European markets open at close, data, news, earnings
Royal Mail down 7.2%
Royal Mail fell 7.2% in afternoon trade after a second day of strike action by British postal workers.
Shares of the former state postal monopoly fell near the bottom of the Stoxx 600 after the second day of wage walkouts.
Royal Mail staff are planning further strikes on September 8 and 9 in the latest in a series of industrial disputes across the UK
— Karen Gilchrist
US stocks open lower
US stocks opened lower on Thursday, the first day of September, as traders continued to watch the potential for a Federal Reserve rate hike.
The Dow Jones Industrial Average and S&P 500 were both down about 0.5% in early morning trading, while the Nasdaq was down 0.8%.
— Karen Gilchrist
The pound has had its worst month since Brexit, and analysts expect it to ‘reach new depths’
The pound has had its worst month since the day after the Brexit referendum, and analysts expect the pound to fall further as a ‘slowdown in the economy and political paralysis’ grips the UK.
Luke MacGregor | Bloomberg | Getty Images
The pound suffered its biggest monthly drop against the US dollar in August since the fallout from the Brexit referendum, with political uncertainty and a historic cost of living crisis weighing heavily on the British currency.

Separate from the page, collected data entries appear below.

(* [tt] is the empty conjunction, so unlike [ff] it has no component. *)
Fixpoint tcomps (f : form) : seq form :=
  match f with
  | FAnd a b | FOr a b => tcomps a ++ tcomps b
  | FTt => [::]
  | _ => [:: f]
  end.

Fixpoint tclosure (f : form) : seq form :=
  match f with
  | FLit _ _ | FTt | FFf => [::]
  | FAnd a b | FOr a b => tclosure a ++ tclosure b
  | FX a => tcomps a ++ tclosure a
  | FU a b | FR a b => f :: tclosure a ++ tclosure b
  end.

Lemma SIMP_conj_over (a g : form) : g \in SIMP a -> conj_over (tcomps a) g.
Proof.
elim: a g => [b p|||a IHa b IHb|a IHa b IHb|a _|a _ b _|a _ b _] g /=;
  try by rewrite inE => /eqP->; apply: conj_over_atom; rewrite ?mem_head.
- by rewrite inE => /eqP->; apply: conj_over_tt.
- case/allpairsP=> [[y z] [/= /IHa ya /IHb zb ->]].
  by apply: conj_over_mkAnd; [apply: conj_over_catl|apply: conj_over_catr].
- by rewrite mem_cat => /orP[/IHa/conj_over_catl|/IHb/conj_over_catr].
Qed.

Lemma tcomps_tclosure (a t : form) :
  t \in tcomps a -> {subset tclosure t <= tclosure a}.
Proof.
elim: a => [b p|||a IHa b IHb|a IHa b IHb|a _|a _ b _|a _ b _] //=; try by rewrite inE => /eqP->.
- by rewrite mem_cat => /orP[/IHa|/IHb] sub f /sub; rewrite mem_cat => ->; rewrite ?orbT.
- by rewrite mem_cat => /orP[/IHa|/IHb] sub f /sub; rewrite mem_cat => ->; rewrite ?orbT.
Qed.

Lemma tclosure_closed (f t : form) :
  t \in tclosure f -> {subset tclosure t <= tclosure f}.
Proof.
elim: f => //= [a IHa b IHb|a IHa b IHb|a IHa|a IHa b IHb|a IHa b IHb].
- by rewrite mem_cat => /orP[/IHa|/IHb] sub g /sub; rewrite mem_cat => ->; rewrite ?orbT.
- by rewrite mem_cat => /orP[/IHa|/IHb] sub g /sub; rewrite mem_cat => ->; rewrite ?orbT.
- by rewrite mem_cat => /orP[/tcomps_tclosure|/IHa] sub g /sub; rewrite mem_cat => ->; rewrite ?orbT.
- by rewrite inE mem_cat => /or3P[/eqP-> //|/IHa|/IHb] sub g /sub;
    rewrite inE mem_cat => ->; rewrite ?orbT.
- by rewrite inE mem_cat => /or3P[/eqP-> //|/IHa|/IHb] sub g /sub;
    rewrite inE mem_cat => ->; rewrite ?orbT.
Qed.

Lemma size_tclosure_tcomps (f : form) :
  size (tclosure f) <= fsize f /\ size (tclosure f) + size (tcomps f) <= (fsize f).+1.
Proof.
elim: f => [||| a [? ?] b [? ?] | a [? ?] b [? ?] | a [? ?] | a [? ?] b [? ?]
  | a [? ?] b [? ?]] /=; rewrite ?size_cat /=; lia.
Qed.

Lemma tclosure_build (K s : seq form) : {in s, forall a, all (mem K) (tclosure a)} ->
  all (mem K) (tclosure (build s)).
Proof.
elim: s => [|a [|b s] IHs] //= closedK; first by apply: closedK; rewrite mem_head.
rewrite all_cat closedK ?mem_head //; apply: IHs => c cs.
by apply: closedK; rewrite inE cs orbT.
Qed.
Lemma is_permP n s : is_perm n s <-> [/\ uniq s, size s = n & all (fun x => x < n) s].
Proof.
split.
  move=> h; split.
  - by rewrite (perm_uniq h) iota_uniq.
  - by rewrite (perm_size h) size_iota.
  - by apply/allP => x; rewrite (perm_mem h) mem_iota.
move=> [hu hs ha]; apply: uniq_perm => //; first exact: iota_uniq.
have hsub : {subset s <= iota 0 n}.
  by move=> x hx; rewrite mem_iota /=; move/allP: ha => /(_ x hx).
have hsz : size (iota 0 n) <= size s by rewrite size_iota hs.
by have [_ h] := uniq_min_size hu hsub hsz.
Qed.

(* Permutations are fixed by standardisation: the rank of x is x itself. *)
Lemma std_perm n s : is_perm n s -> std s = s.
Proof.
move=> h; have [hu hs ha] := (is_permP n s).1 h.
have count_iota_lt x m : count (fun y => y < x) (iota 0 m) = minn x m.
  elim: m => [|m IH]; first by rewrite /= minn0.
  by rewrite -addn1 iotaD count_cat IH /= add0n; case: (ltnP m x) => /=; lia.
apply: (@eq_from_nth _ 0); first by rewrite size_std.
move=> i; rewrite size_std => hi; rewrite nth_std // (permP h) count_iota_lt.
have : nth 0 s i < n by move/allP: ha; apply; apply: mem_nth.
lia.
Qed.

Definition has312 (s : seq nat) : Prop := exists i j l, i < j /\ j < l /\ l < size s /\
  nth 0 s j < nth 0 s l /\ nth 0 s l < nth 0 s i.

Lemma std3_312 a b c : (std [:: a; b; c] == p312) = (b < c < a).
Proof.
rewrite /std /=.
by case: (ltngtP a b) => h1; case: (ltngtP b c) => h2; case: (ltngtP a c) => h3 //=;
  rewrite ?ltnn /=; try lia.
Qed.

Lemma mask1_nth s I a : mask I s = [:: a] -> exists i, i < size s /\ nth 0 s i = a.
Proof.
elim: s I => [|x s IH] [|[] I] //=; first by case=> -> _; exists 0.
by move=> /IH [i [h1 h2]]; exists i.+1.
Qed.

Lemma mask2_nth s I a b : mask I s = [:: a; b] ->
  exists i j, i < j /\ j < size s /\ nth 0 s i = a /\ nth 0 s j = b.
Proof.
elim: s I => [|x s IH] [|[] I] //=.
  by case=> -> /mask1_nth [j [h1 h2]]; exists 0, j.+1.
by move=> /IH [i [j [h1 [h2 [h3 h4]]]]]; exists i.+1, j.+1.
Qed.

Lemma mask3_nth s I a b c : mask I s = [:: a; b; c] ->
  exists i j l, i < j /\ j < l /\ l < size s /\
    nth 0 s i = a /\ nth 0 s j = b /\ nth 0 s l = c.
Proof.
elim: s I => [|x s IH] [|[] I] //=.
  by case=> -> /mask2_nth [j [l [h1 [h2 [h3 h4]]]]]; exists 0, j.+1, l.+1.
by move=> /IH [i [j [l [h1 [h2 [h3 [h4 [h5 h6]]]]]]]]; exists i.+1, j.+1, l.+1.
Qed.

Lemma nth_mask1 s i : i < size s ->
  exists I, size I = size s /\ mask I s = [:: nth 0 s i].
Proof.
elim: s i => [|x s IH] [|i] //= hi.
  by exists (true :: nseq (size s) false); rewrite /= size_nseq mask_false.
by have [I [h1 h2]] := IH i hi; exists (false :: I); rewrite /= h1 h2.
Qed.

Lemma nth_mask2 s i j : i < j -> j < size s ->
  exists I, size I = size s /\ mask I s = [:: nth 0 s i; nth 0 s j].
Proof.
elim: s i j => [|x s IH] [|i] [|j] //= hij hj.
  by have [I [h1 h2]] := nth_mask1 hj; exists (true :: I); rewrite /= h1 h2.
by have [I [h1 h2]] := IH i j hij hj; exists (false :: I); rewrite /= h1 h2.
Qed.

Lemma nth_mask3 s i j l : i < j -> j < l -> l < size s ->
  exists I, size I = size s /\ mask I s = [:: nth 0 s i; nth 0 s j; nth 0 s l].
Proof.
elim: s i j l => [|x s IH] [|i] [|j] [|l] //= hij hjl hl.
  by have [I [h1 h2]] := nth_mask2 (hjl : j < l) (hl : l < size s);
    exists (true :: I); rewrite /= h1 h2.
by have [I [h1 h2]] := IH i j l hij hjl hl; exists (false :: I); rewrite /= h1 h2.
Qed.

Lemma contains312 s : contains s p312 <-> has312 s.
Proof.
split.
  move=> [I [_ hp]]; rewrite /pat in hp.
  have hsz : size (mask I s) = 3 by rewrite -(size_std (mask I s)) hp.
  move: hp hsz; case hm: (mask I s) => [|a [|b [|c [|d r]]]] //= hp _.
  have /andP [h1 h2] : b < c < a by rewrite -std3_312 hp.
  have [i [j [l [? [? [? [ha [hb hc]]]]]]]] := mask3_nth hm.
  by exists i, j, l; rewrite ha hb hc; lia.
move=> [i [j [l [hij [hjl [hl [h1 h2]]]]]]].
have [I [hI hm]] := nth_mask3 hij hjl hl.
by exists I; split => //; rewrite /pat hm; apply/eqP; rewrite std3_312 h1 h2.
Qed.

Lemma Av312 n s : Av [:: p312] n s <-> is_perm n s /\ ~ has312 s.
Proof.
split.
  by move=> [hp ha]; split => // h; apply: (ha p312); [rewrite inE | apply/contains312].
by move=> [hp hn]; split => // pi; rewrite inE => /eqP -> /contains312.
Qed.

(* Appending a new last value v to a permutation: entries >= v are bumped up
   by one (fintype's [bump]) so that the result is again a permutation. *)
Definition extend (v : nat) (s : seq nat) : seq nat := rcons (map (bump v) s) v.

Lemma ltn_bump2 v a b : (bump v a < bump v b) = (a < b).
Proof. by rewrite !ltnNge leq_bump2. Qed.

Lemma bump_ltv v z : (bump v z < v) = (z < v).
Proof. by rewrite /bump; case: (leqP v z) => h /=; lia. Qed.

Lemma ltv_bump v z : (v < bump v z) = (v <= z).
Proof. by rewrite /bump; case: (leqP v z) => h /=; lia. Qed.

(* Bumping does not change the relative order, hence the standardisation. *)
Lemma std_map_bump v s : std (map (bump v) s) = std s.
Proof.
apply: std_rel; rewrite size_map // => i j hi hj.
by rewrite !(nth_map 0) // ltn_bump2.
Qed.

Lemma size_extend v s : size (extend v s) = (size s).+1.
Proof. by rewrite size_rcons size_map. Qed.

Lemma nth_extend v s t : t < size s -> nth 0 (extend v s) t = bump v (nth 0 s t).
Proof. by move=> ht; rewrite nth_rcons size_map ht (nth_map 0). Qed.

Lemma nth_extend_last v s : nth 0 (extend v s) (size s) = v.
Proof. by rewrite nth_rcons size_map ltnn eqxx. Qed.

Lemma extend_perm n v s : is_perm n s -> v <= n -> is_perm n.+1 (extend v s).
Proof.
move=> /is_permP [hu hs ha] hvn; apply/is_permP; split.
- rewrite rcons_uniq (map_inj_uniq (can_inj (bumpK v))) hu andbT.
  by apply/mapP => [[z _ hz]]; move: (neq_bump v z); rewrite -hz eqxx.
- by rewrite size_extend hs.
- rewrite all_rcons ltnS hvn all_map; apply/allP => z hz /=.
  have : z < n by move/allP: ha; apply.
  by rewrite /bump; case: (leqP v z) => /=; lia.
Qed.

Lemma extend_has312 v s : has312 (extend v s) ->
  has312 s \/ exists i j, [/\ i < j, j < size s, nth 0 s j < v & v <= nth 0 s i].
Proof.
move=> [i [j [l [hij [hjl [hl [h1 h2]]]]]]]; rewrite size_extend ltnS in hl.
case: (ltngtP l (size s)) => hls; [left | lia | right].
- exists i, j, l; move: h1 h2.
  by rewrite !nth_extend ?ltn_bump2; try lia.
- exists i, j; move: h1 h2.
  rewrite hls nth_extend_last !nth_extend ?bump_ltv ?ltv_bump; try lia.
  by move=> h1 h2; split; lia.
Qed.

Lemma extend_window v s i k : i + k <= size s ->
  std (take k (drop i (extend v s))) = std (take k (drop i s)).
Proof.
move=> hik; rewrite drop_rcons ?size_map; last lia.
by rewrite -cats1 takel_cat ?size_drop ?size_map; [rewrite -map_drop -map_take std_map_bump | lia].
Qed.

The pound fell 4.5% against the greenback last month and continued to fall on Thursday, last trading at $1.1566 in early afternoon trading in London. The pound also fell almost 3% against the euro last month.
In a research note on Wednesday, Capital Economics chief UK economist Paul Dales said the divergence will lead to further weakness in the euro and the pound against the US dollar, and expects the pound is “reaching new depths” as political and economic uncertainty continues to hammer the UK. assets.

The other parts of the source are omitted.